Also provided are methods for generating a deamination-resistant strand of DNA using one hairpin. The method involves (a) separating the strands of a double-stranded fragment of DNA to produce a single-stranded fragment; (b) attaching a double-stranded adaptor to the 3′ end of the single-stranded fragment; (c) extending the free 3′ end of an attached double-stranded adaptor in a dCTP-free reaction mix that comprises a strand-displacing or nick-translating polymerase; and dGTP, dATP, dTTP, and modified dCTP, to generate a double-stranded product; (d) attaching a hairpin adaptor to the 5′ end of the double-stranded product to generate a hairpin product that has an original strand and a neosynthesized strand that contains modified Cs.

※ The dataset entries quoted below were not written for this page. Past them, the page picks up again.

Lemma flatten_iota_indicator (A : pred I) s :
  flatten [seq [seq f r p | p <- iota b (A r)] | r <- s] = [seq f r b | r <- s & A r].
Proof. by elim: s => //= r s ->; case: (A r). Qed.

Lemma nth_flatten_iota_adjacent (x0 : T) (m : I -> nat) s r0 :
  r0 \in s -> (1 < m r0)%N ->
  let L := flatten [seq [seq f r p | p <- iota b (m r)] | r <- s] in
  exists2 i, (i.+1 < size L)%N & nth x0 L i = f r0 b /\ nth x0 L i.+1 = f r0 b.+1.
Proof.
case/splitPr=> s1 s2; case m_r0: (m r0) => [|[|l]] // _.
rewrite map_cat flatten_cat /= m_r0 /=.
set L1 := flatten _; exists (size L1).
  by rewrite size_cat /= !addnS !ltnS leq_addr.
by rewrite !nth_cat ltnn subnn ltnNge leqnSn subSnn.
Qed.

End FlattenIota.

Lemma sum_compositions_subsets (V : nmodType) (I : finType) k (T : (I -> nat) -> V) :
  (0 < k)%N -> (forall m r, (\sum_i m i)%N = k -> (1 < m r)%N -> T m = 0) ->
  \sum_(m : {ffun I -> 'I_k.+1} | (\sum_i m i == k)%N) T (fun i => m i)
  = \sum_(J : {set I} | #|J| == k) T (fun i => i \in J).
Proof.
move=> k_gt0 T_eq0.
pose ind (J : {set I}) : {ffun I -> 'I_k.+1} := [ffun i => inord (i \in J)].
have indE J i : (ind J i : nat) = (i \in J) by rewrite ffunE inordK // ltnS; case: (i \in J).
rewrite (bigID (fun m : {ffun I -> 'I_k.+1} => [forall i, m i <= 1]%N)) /=.
rewrite [X in _ + X]big1 ?addr0; last first.
  move=> m /andP[/eqP sum_m]; rewrite negb_forall => /existsP[r].
  by rewrite -ltnNge; apply: T_eq0.
rewrite (reindex_onto ind (fun m => [set i | m i != 0 :> nat])); last first.
  move=> m /andP[_ /forallP m_le1]; apply/ffunP => i; apply: val_inj.
  by rewrite /= indE inE; case: (m i) (m_le1 i) => [[|[|]]].
apply: eq_big => [J|J _].
  have -> : (\sum_i ind J i)%N = #|J|.
    by rewrite -sum1_card [RHS]big_mkcond; apply: eq_bigr => i _; rewrite indE.
  have -> : [set i | ind J i != 0 :> nat] = J by apply/setP => i; rewrite inE indE; case: (i \in J).
  rewrite eqxx andbT; case: (#|J| == k) => //=.
  by apply/forallP => i; rewrite indE; case: (i \in J).
by congr T; apply: functional_extensionality => i; rewrite indE.
Qed.
(* Let $c,\alpha,\beta>0$, $\mathbf A\in\mathbb{R}^{2\times2}$ symmetric positive definite, $\rho>0$, $\mathbf m\in\mathbb{R}^2$, $H\in\mathbb{R}$, and let $$\phi(\tilde\rho)=\rho+c\big\langle(2c\alpha\mathbf A+\tilde\rho\mathbf I)^{-1}\mathbf m,\ \alpha\mathbf A(2c\alpha\mathbf A+\tilde\rho\mathbf I)^{-1}\mathbf m\big\rangle+c\,(2c\beta+\tilde\rho)^{-2}\beta H^2.$$ If $c$ is large enough that $\frac{1}{4c^2}\big(\mathbf m^{\mathrm T}(\alpha\mathbf A)^{-2}\mathbf m+\beta^{-2}H^2\big)<1$, then for every initial guess $\tilde\rho^{(0)}\in(0,\infty)$ the iteration $\tilde\rho^{(\ell+1)}=\phi(\tilde\rho^{(\ell)})$, $\ell=0,1,2,\dots$, converges to the unique fixed point $\rho^*\in(0,\infty)$ of $\phi$.
   Context: None beyond the statement: $\mathbf I$ is the $2\times2$ identity and $\langle\cdot,\cdot\rangle$ the Euclidean inner product. (The fixed point $\rho^*$ is the density component of the proximal operator of the WFR cost $J(\mathbf m,\rho,H)=\alpha\rho^{-1}\mathbf m^{\mathrm T}\mathbf A\mathbf m+\beta\rho^{-1}H^2$.) *)

From HB Require Import structures.
From mathcomp Require Import all_boot all_order all_algebra.
From mathcomp Require Import all_classical all_reals all_analysis.
Set Implicit Arguments. Unset Strict Implicit. Unset Printing Implicit Defensive.
Import Order.TTheory GRing.Theory Num.Theory.
Local Open Scope ring_scope.

Definition inner2 {R : realType} (u v : 'cV[R]_2) : R := (u^T *m v) 0 0.

Definition spd2 {R : realType} (A : 'M[R]_2) : Prop :=
  A^T = A /\ forall v : 'cV[R]_2, v != 0 -> 0 < inner2 v (A *m v).

Definition phi {R : realType} (c alpha beta rho : R) (A : 'M[R]_2)
    (m : 'cV[R]_2) (H : R) (rt : R) : R :=
  let M := invmx (2 * c * alpha *: A + rt%:M) in
  rho + c * inner2 (M *m m) ((alpha *: A) *m (M *m m))
      + c * (2 * c * beta + rt) ^- 2 * beta * H ^+ 2.

From HB Require Import structures.
From mathcomp Require Import all_boot all_order all_algebra.
From mathcomp Require Import all_classical all_reals all_analysis.
From mathcomp Require Import ring.
Import Order.TTheory GRing.Theory Num.Theory.
Import numFieldNormedType.Exports.
Local Open Scope classical_set_scope.
Local Open Scope ring_scope.

(* In an eigenbasis of A, with eigenvalues l1, l2 > 0, phi is rho plus three
   terms of the form c a w / (2 c a + r)^2 (with a = alpha l1, alpha l2, beta and
   w the squared components of m, resp. H^2).  Each term has Lipschitz constant
   w / (4 c^2 a^2) on [0, +oo), and these constants add up exactly to the
   quantity assumed to be < 1.  Hence phi is a contraction of [0, +oo) into
   [rho, +oo), and Banach's fixed point theorem applies. *)

Lemma sum_ord2 (V : nmodType) (F : 'I_2 -> V) : \sum_i F i = F 0 + F 1.
Proof. by rewrite big_ord_recl big_ord1; congr (_ + F _); apply: val_inj. Qed.

Lemma ord2P (i : 'I_2) : i = 0 \/ i = 1.
Proof. by case: i => [[|[|//]]] ?; [left|right]; apply: val_inj. Qed.

Section Matrix2.
Context {R : realType}.
Implicit Types (K : 'M[R]_2) (x y : 'cV[R]_2).

Lemma inner2E x y : inner2 x y = x 0 0 * y 0 0 + x 1 0 * y 1 0.
Proof. by rewrite /inner2 mxE sum_ord2 !mxE. Qed.

Lemma mulmx2E K x i : (K *m x) i 0 = K i 0 * x 0 0 + K i 1 * x 1 0.
Proof. by rewrite mxE sum_ord2. Qed.

Definition col2 (a b : R) : 'cV[R]_2 := \matrix_(i, j) (if i == 0 then a else b).

Lemma col2E0 (a b : R) : col2 a b 0 0 = a. Proof. by rewrite mxE. Qed.
Lemma col2E1 (a b : R) : col2 a b 1 0 = b. Proof. by rewrite mxE. Qed.

Lemma col2_eq0 (a b : R) : (col2 a b == 0) = (a == 0) && (b == 0).
Proof.
apply/eqP/andP => [/matrixP h|[/eqP-> /eqP->]].
  by move: (h 0 0) (h 1 0); rewrite col2E0 col2E1 !mxE => -> ->.
by apply/matrixP => i j; rewrite !mxE; case: ifP.
Qed.

Lemma mulmx_invmx2 K x : let d := K 0 0 * K 1 1 - K 0 1 * K 1 0 in d != 0 ->
  invmx K *m x = col2 ((K 1 1 * x 0 0 - K 0 1 * x 1 0) / d)
                      ((K 0 0 * x 1 0 - K 1 0 * x 0 0) / d).
Proof.
move=> d; rewrite {}/d => d0.
pose N : 'M[R]_2 := \matrix_(i, j) ((if i == 0 then (if j == 0 then K 1 1 else - K 0 1)
   else (if j == 0 then - K 1 0 else K 0 0)) / (K 0 0 * K 1 1 - K 0 1 * K 1 0)).
have KN : K *m N = 1%:M.
  apply/matrixP => i j; rewrite mxE sum_ord2 !mxE.
  by case: (ord2P i) => ->; case: (ord2P j) => -> /=; field.
have [Ku _] := mulmx1_unit KN.
have -> : invmx K = N by rewrite -[invmx K]mulmx1 -KN mulmxA mulVmx // mul1mx.
apply/matrixP => i j; rewrite (ord1 j) mulmx2E !mxE.
by case: (ord2P i) => -> /=; field.
Qed.

(* [p q; q s] = (l1 w w^T + l2 w' w'^T) / |w|^2 with w = (u, v), w' = (-v, u). *)
Lemma sym2_eigen (p q s : R) : exists u v l1 l2 : R,
  [/\ 0 < u ^+ 2 + v ^+ 2, p * (u ^+ 2 + v ^+ 2) = l1 * u ^+ 2 + l2 * v ^+ 2,
      q * (u ^+ 2 + v ^+ 2) = (l1 - l2) * u * v &
      s * (u ^+ 2 + v ^+ 2) = l1 * v ^+ 2 + l2 * u ^+ 2].
Proof.
have [->|q0] := eqVneq q 0.
  by exists 1, 0, p, s; split; rewrite ?expr0n ?expr1n /= ?addr0 ?mulr0 ?mulr1 ?ltr01 //; ring.
pose S := Num.sqrt ((p - s) ^+ 2 + 4 * q ^+ 2).
have SE : S ^+ 2 = (p - s) ^+ 2 + 4 * q ^+ 2.
  by rewrite sqr_sqrtr // addr_ge0 ?sqr_ge0 // mulr_ge0 ?sqr_ge0.
pose l1 := (p + s + S) / 2; pose l2 := (p + s - S) / 2.
have qE : q ^+ 2 = (p - l2) * (l1 - p).
  have -> : (p - l2) * (l1 - p) = (S ^+ 2 - (p - s) ^+ 2) / 4 by rewrite /l1 /l2; field.
  by rewrite SE; field.
exists q, (l1 - p), l1, l2; split.
- by rewrite ltr_pwDl ?exprn_even_gt0 ?sqr_ge0.
- by rewrite qE; ring.
- by rewrite qE /l1 /l2; field.
- by rewrite qE /l1 /l2; field.
Qed.

End Matrix2.

Definition phi_term {R : realType} (c a w r : R) := c * a * w / (2 * c * a + r) ^+ 2.

Section PhiTerm.
Context {R : realType} (c a w : R).
Hypotheses (c_gt0 : 0 < c) (a_gt0 : 0 < a) (w_ge0 : 0 <= w).

Lemma phi_term_ge0 r : 0 <= phi_term c a w r.
Proof. by rewrite /phi_term divr_ge0 ?sqr_ge0 // !mulr_ge0 // ltW. Qed.

Lemma phi_term_lipschitz r s : 0 <= r -> 0 <= s ->
  `|phi_term c a w r - phi_term c a w s| <= w / (4 * c ^+ 2 * a ^+ 2) * `|r - s|.
Proof.
move=> r_ge0 s_ge0; set d := 2 * c * a.
have d_gt0 : 0 < d by rewrite !mulr_gt0.
have [dr ds] : d <= d + r /\ d <= d + s by rewrite !lerDl.
have [dr0 ds0] : 0 < d + r /\ 0 < d + s by split; apply: lt_le_trans d_gt0 _.
have caw_ge0 : 0 <= c * a * w by rewrite !mulr_ge0 // ltW.
have cube_le (X Y : R) : d <= X -> d <= Y -> (X * Y ^+ 2)^-1 <= (d ^+ 3)^-1.
  move=> dX dY; have [X_gt0 Y_gt0] := (lt_le_trans d_gt0 dX, lt_le_trans d_gt0 dY).
  rewrite lef_pV2 ?posrE ?exprn_gt0 ?mulr_gt0 ?exprn_gt0 // exprS.
  have d_ge0 := ltW d_gt0.
  by apply: ler_pM => //; [exact: sqr_ge0 | rewrite !expr2; exact: ler_pM].
have -> : phi_term c a w r - phi_term c a w s = c * a * w * (s - r) *
    (((d + r) * (d + s) ^+ 2)^-1 + ((d + s) * (d + r) ^+ 2)^-1).
  by rewrite /phi_term -/d; field; rewrite !gt_eqF.
rewrite mulrAC normrM distrC ler_wpM2r // ger0_norm; last first.
  by rewrite mulr_ge0 // addr_ge0 // invr_ge0 mulr_ge0 ?sqr_ge0 ?ltW.
apply: le_trans (ler_wpM2l caw_ge0 (lerD (cube_le _ _ dr ds) (cube_le _ _ ds dr))) _.
by rewrite le_eqVlt /d; apply/orP; left; apply/eqP; field; rewrite !gt_eqF.
Qed.

End PhiTerm.

Lemma phi_term_sum_lipschitz {R : realType} (c rho a1 a2 a3 w1 w2 w3 r s : R) :
  0 < c -> 0 < a1 -> 0 < a2 -> 0 < a3 -> 0 <= w1 -> 0 <= w2 -> 0 <= w3 ->
  0 <= r -> 0 <= s ->
  `|(rho + phi_term c a1 w1 r + phi_term c a2 w2 r + phi_term c a3 w3 r)
    - (rho + phi_term c a1 w1 s + phi_term c a2 w2 s + phi_term c a3 w3 s)|
  <= (w1 / (4 * c ^+ 2 * a1 ^+ 2) + w2 / (4 * c ^+ 2 * a2 ^+ 2)
      + w3 / (4 * c ^+ 2 * a3 ^+ 2)) * `|r - s|.
Proof.
move=> c0 a10 a20 a30 w10 w20 w30 r0 s0.
have -> : forall x1 x2 x3 y1 y2 y3 : R,
    rho + x1 + x2 + x3 - (rho + y1 + y2 + y3) = (x1 - y1) + (x2 - y2) + (x3 - y3)
  by move=> *; ring.
rewrite !(mulrDl _ _ `|r - s|); apply: le_trans (ler_normD _ _) _; apply: lerD;
  last exact: phi_term_lipschitz.
by apply: le_trans (ler_normD _ _) _; apply: lerD; exact: phi_term_lipschitz.
Qed.

Section Spectral.
Context {R : realType} {A : 'M[R]_2} {u v l1 l2 : R}.
Let n := u ^+ 2 + v ^+ 2.
Hypotheses (n_gt0 : 0 < n) (A_sym : A 1 0 = A 0 1).
Hypotheses (A00 : A 0 0 = (l1 * u ^+ 2 + l2 * v ^+ 2) / n)
  (A01 : A 0 1 = (l1 - l2) * u * v / n) (A11 : A 1 1 = (l1 * v ^+ 2 + l2 * u ^+ 2) / n).

Let n_neq0 : n != 0. Proof. by rewrite gt_eqF. Qed.

Lemma spectral_quadratic_form (x y : R) : inner2 (col2 x y) (A *m col2 x y) =
   (l1 * (u * x + v * y) ^+ 2 + l2 * (u * y - v * x) ^+ 2) / n.
Proof. by rewrite inner2E !mulmx2E !col2E0 !col2E1 A_sym A00 A01 A11; field. Qed.

Lemma spectral_eigval_gt0 : spd2 A -> 0 < l1 /\ 0 < l2.
Proof.
have w_neq0 : col2 u v != 0 /\ col2 (- v) u != 0.
  rewrite !col2_eq0 oppr_eq0; split; apply: contraTN n_gt0 => /andP[/eqP x0 /eqP y0];
    by rewrite /n x0 y0 expr0n addr0 ltxx.
move=> [_ Apd]; move: (Apd _ w_neq0.1) (Apd _ w_neq0.2).
rewrite !spectral_quadratic_form.
have -> : (l1 * (u * u + v * v) ^+ 2 + l2 * (u * v - v * u) ^+ 2) / n = l1 * n
  by rewrite /n; field.
have -> : (l1 * (u * - v + v * u) ^+ 2 + l2 * (u * u - v * - v) ^+ 2) / n = l2 * n
  by rewrite /n; field.
by rewrite !pmulr_lgt0.
Qed.

Hypotheses (l1_gt0 : 0 < l1) (l2_gt0 : 0 < l2).

Lemma spectral_phiE (c alpha beta rho : R) (m : 'cV[R]_2) (H rt : R) :
  0 < c -> 0 < alpha -> 0 < beta -> 0 <= rt ->
  phi c alpha beta rho A m H rt =
    rho + phi_term c (alpha * l1) ((u * m 0 0 + v * m 1 0) ^+ 2 / n) rt
        + phi_term c (alpha * l2) ((u * m 1 0 - v * m 0 0) ^+ 2 / n) rt
        + phi_term c beta (H ^+ 2) rt.
Proof.
move=> c_gt0 a_gt0 b_gt0 rt_ge0; rewrite /phi.
have d_gt0 (a : R) : 0 < a -> 0 < 2 * c * a + rt.
  by move=> a_pos; rewrite ltr_wpDr // !mulr_gt0.
have d1 := d_gt0 _ (mulr_gt0 a_gt0 l1_gt0).
have d2 := d_gt0 _ (mulr_gt0 a_gt0 l2_gt0).
have d3 := d_gt0 _ b_gt0.
set K := 2 * c * alpha *: A + rt%:M.
have KE i j : K i j = 2 * c * alpha * A i j + rt *+ (i == j) by rewrite !mxE.
have Kdet : K 0 0 * K 1 1 - K 0 1 * K 1 0 =
    (2 * c * (alpha * l1) + rt) * (2 * c * (alpha * l2) + rt).
  by rewrite !KE /= mulr1n !mulr0n !addr0 A_sym A00 A01 A11 /n; field.
rewrite mulmx_invmx2 Kdet ?mulf_neq0 ?gt_eqF // inner2E !mulmx2E !col2E0 !col2E1.
rewrite !KE !mxE /= mulr1n !mulr0n !addr0 A_sym A00 A01 A11 /phi_term /n; field.
by rewrite -/n n_neq0 !gt_eqF.
Qed.

Lemma spectral_inner_invmx2 (alpha : R) (m : 'cV[R]_2) : 0 < alpha ->
  inner2 m (invmx (alpha *: A) *m invmx (alpha *: A) *m m) =
    (u * m 0 0 + v * m 1 0) ^+ 2 / n / (alpha * l1) ^+ 2
  + (u * m 1 0 - v * m 0 0) ^+ 2 / n / (alpha * l2) ^+ 2.
Proof.
move=> a_gt0.
have Bdet : (alpha *: A) 0 0 * (alpha *: A) 1 1 - (alpha *: A) 0 1 * (alpha *: A) 1 0 =
    (alpha * l1) * (alpha * l2).
  by rewrite !mxE A_sym A00 A01 A11 /n; field.
have Bdet_neq0 : (alpha * l1) * (alpha * l2) != 0 by rewrite !mulf_neq0 ?gt_eqF.
rewrite -mulmxA [invmx _ *m m]mulmx_invmx2 Bdet // mulmx_invmx2 Bdet //.
rewrite inner2E !col2E0 !col2E1 !mxE A_sym A00 A01 A11 /n; field.
by rewrite -/n n_neq0 !gt_eqF.
Qed.

End Spectral.

Lemma phi_spectral {R : realType} (c alpha beta rho : R) (A : 'M[R]_2)
    (m : 'cV[R]_2) (H : R) :
  0 < c -> 0 < alpha -> 0 < beta -> spd2 A ->
  exists a1 a2 w1 w2 : R, [/\ 0 < a1, 0 < a2, 0 <= w1 & 0 <= w2] /\
    (forall rt, 0 <= rt -> phi c alpha beta rho A m H rt =
       rho + phi_term c a1 w1 rt + phi_term c a2 w2 rt + phi_term c beta (H ^+ 2) rt) /\
    inner2 m (invmx (alpha *: A) *m invmx (alpha *: A) *m m) =
       w1 / a1 ^+ 2 + w2 / a2 ^+ 2.
Proof.
move=> c_gt0 a_gt0 b_gt0 A_spd.
have A_sym : A 1 0 = A 0 1 by rewrite -{1}A_spd.1 mxE.
have [u [v [l1 [l2 [n_gt0 e00 e01 e11]]]]] := sym2_eigen (A 0 0) (A 0 1) (A 1 1).
have divE (x y : R) : x * (u ^+ 2 + v ^+ 2) = y -> x = y / (u ^+ 2 + v ^+ 2).
  by move=> <-; rewrite mulfK ?gt_eqF.
have A00 := divE _ _ e00; have A01 := divE _ _ e01; have A11 := divE _ _ e11.
have [l1_gt0 l2_gt0] := spectral_eigval_gt0 n_gt0 A_sym A00 A01 A11 A_spd.
exists (alpha * l1), (alpha * l2), ((u * m 0 0 + v * m 1 0) ^+ 2 / (u ^+ 2 + v ^+ 2)),
  ((u * m 1 0 - v * m 0 0) ^+ 2 / (u ^+ 2 + v ^+ 2)).
split; first by split; rewrite ?mulr_gt0 // divr_ge0 ?sqr_ge0 ?ltW.
split; first by move=> rt; exact: spectral_phiE.
exact: spectral_inner_invmx2.
Qed.

Lemma contraction_iter_cvg {R : realType} {X : completeNormedModType R}
    {U : set X} {f : {fun U >-> U}} {q : {nonneg R}} {p x : X} :
  contraction q f -> closed U -> U p -> p = f p -> U x ->
  iter n f x @[n --> \oo] --> p.
Proof.
move=> ctrf clU Up fp Ux.
have y_cvg := contraction_cvg ctrf Ux.
have Ul : U (limn (fun n => iter n f x)).
  by apply: closed_cvg y_cvg => //; apply: nearW => n; exact: funS.
rewrite -(contraction_fixpoint_unique (ex_intro _ q ctrf) Ul Up _ fp) //.
exact: (contraction_cvg_fixed ctrf Ux clU).
Qed.

Lemma halfline_contraction_fixpoint {R : realType} (f : R -> R) (rho k : R) :
  0 < rho -> 0 <= k -> k < 1 ->
  (forall r, 0 <= r -> rho <= f r) ->
  (forall r s, 0 <= r -> 0 <= s -> `|f r - f s| <= k * `|r - s|) ->
  exists rstar : R, [/\ 0 < rstar, f rstar = rstar,
    (forall r, 0 < r -> f r = r -> r = rstar) &
    (forall r0, 0 < r0 -> iter n f r0 @[n --> \oo] --> rstar)].
Proof.
move=> rho_gt0 k_ge0 k_lt1 f_ge f_lip.
pose U := [set x : R | 0 <= x].
have fU : set_fun U U f by move=> r /f_ge; apply: le_trans; exact: ltW.
pose g : {fun U >-> U} := HB.pack f (isFun.Build _ _ U U f fU).
have ctrg : contraction (NngNum k_ge0) g by split => // -[r s] [/= r0 s0]; exact: f_lip.
have is_ctrg : is_contraction g by exists (NngNum k_ge0).
have clU : closed U by exact: closed_ge.
have [p Up fp] := banach_fixed_point is_ctrg clU (ex_intro _ 0 (lexx 0)).
exists p; split => //.
- by rewrite fp; exact: lt_le_trans rho_gt0 (f_ge _ Up).
- by move=> r r_gt0 fr; apply: (contraction_fixpoint_unique is_ctrg) => //; exact: ltW.
- by move=> r0 r0_gt0; exact: (contraction_iter_cvg ctrg clU Up fp (ltW r0_gt0)).
Qed.

Theorem mainTheorem15 (R : realType) (c alpha beta rho : R) (A : 'M[R]_2)
    (m : 'cV[R]_2) (H : R) :
  0 < c -> 0 < alpha -> 0 < beta -> spd2 A -> 0 < rho ->
  (4 * c ^+ 2)^-1 *
    (inner2 m (invmx (alpha *: A) *m invmx (alpha *: A) *m m) + beta ^- 2 * H ^+ 2) < 1 ->
  exists rstar : R,
    [/\ 0 < rstar, phi c alpha beta rho A m H rstar = rstar,
        (forall r : R, 0 < r -> phi c alpha beta rho A m H r = r -> r = rstar) &
        (forall r0 : R, 0 < r0 ->
           iter n (phi c alpha beta rho A m H) r0 @[n --> \oo] --> rstar)].
Proof.
move=> c_gt0 a_gt0 b_gt0 A_spd rho_gt0.
have [a1 [a2 [w1 [w2 [[a1_gt0 a2_gt0 w1_ge0 w2_ge0] [phiE ->]]]]]] :=
  phi_spectral c alpha beta rho A m H c_gt0 a_gt0 b_gt0 A_spd.
have H2_ge0 : 0 <= H ^+ 2 := sqr_ge0 H.
have -> : (4 * c ^+ 2)^-1 * (w1 / a1 ^+ 2 + w2 / a2 ^+ 2 + beta ^- 2 * H ^+ 2) =
    w1 / (4 * c ^+ 2 * a1 ^+ 2) + w2 / (4 * c ^+ 2 * a2 ^+ 2)
    + H ^+ 2 / (4 * c ^+ 2 * beta ^+ 2).
  by field; rewrite !gt_eqF.
move=> k_lt1; apply: halfline_contraction_fixpoint rho_gt0 _ k_lt1 _ _.
- have lip_ge0 (w a : R) : 0 <= w -> 0 < a -> 0 <= w / (4 * c ^+ 2 * a ^+ 2).
    by move=> w_ge0 a_pos; rewrite divr_ge0 // ltW // !mulr_gt0 // exprn_gt0.
  by rewrite !addr_ge0 ?lip_ge0.
- by move=> r r_ge0; rewrite phiE // -!addrA lerDl !addr_ge0 // phi_term_ge0.
- by move=> r s r_ge0 s_ge0; rewrite !phiE //; exact: phi_term_sum_lipschitz.
Qed.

Provided herein is a method for generating a deamination-resistant strand of DNA. In some embodiments, the method may comprise: (a) ligating a hairpin adaptor to a double-stranded fragment of DNA to produce a ligation product; (b) enzymatically generating a free 3′ end in a double-stranded region of the hairpin adaptor in the ligation product; and (c) extending the free 3′ end in a dCTP-free reaction mix that comprises a strand-displacing or nick-translating polymerase, dGTP, dATP, dTTP and modified dCTP to generate a hairpin product that has an original strand and a neosynthesized strand that contains modified Cs. In some embodiments, the method may comprise: (d) deaminating the hairpin product or an adaptor-ligated product thereof, wherein the modified Cs protect the neosynthesized strand from deamination.
Because the top and bottom strands of the double stranded molecule are locked together by a hairpin, the neosynthesized strand (which provides the “sequence information”) and the deaminated strand (which provides the “methylation information”) can be read on the same paired-end read. The sequence of the neosynthesized strand provides an internal reference for the deaminated strand, thereby allowing methylated cytosines to be identified by comparing the sequence of the neosynthesized strand to the sequence of the deaminated strand in a pair of paired- end reads (seeand B), without a reference sequence (e.g., a reference genome). In addition, the neosynthesized strand retains the four letter (G, A, T, C) code, thereby allowing sequence variations (e.g., SNPs) and methylated cytosines to be readily identified in the same molecule. Thus, in using the present method, the interplay between sequence variations and methylation can be analyzed at a single molecule resolution. Finally, because the neosynthesized strand contains the original four letter (G, A, T, C) code, fragments from a library produced by the present method can be enriched using conventional probes that are designed using genomic sequence as a template.
Unless otherwise defined, all technical and scientific terms used herein have the same meaning as commonly understood by one of ordinary skill in the art to which this disclosure belongs. Still, certain terms are defined herein with respect to embodiments of the disclosure and for the sake of clarity and ease of reference.
Sources of commonly understood terms and symbols may include: standard treatises and texts such as Kornberg and Baker, DNA Replication, Second Edition (W. H. Freeman, New York, 1992); Lehninger, Biochemistry, Second Edition (Worth Publishers, New York, 1975); Strachan and Read, Human Molecular Genetics, Second Edition (Wiley-Liss, New York, 1999); Eckstein, editor, Oligonucleotides and Analogs: A Practical Approach (Oxford University Press, New York, 1991); Gait, editor, Oligonucleotide Synthesis: A Practical Approach (IRL Press, Oxford, 1984); Singleton, et al., Dictionary of Microbiology and Molecular biology, 2d ed., John Wiley and Sons, New York (1994), and Hale & Markham, the Harper Collins Dictionary of Biology, Harper Perennial, N.Y. (1991) and the like.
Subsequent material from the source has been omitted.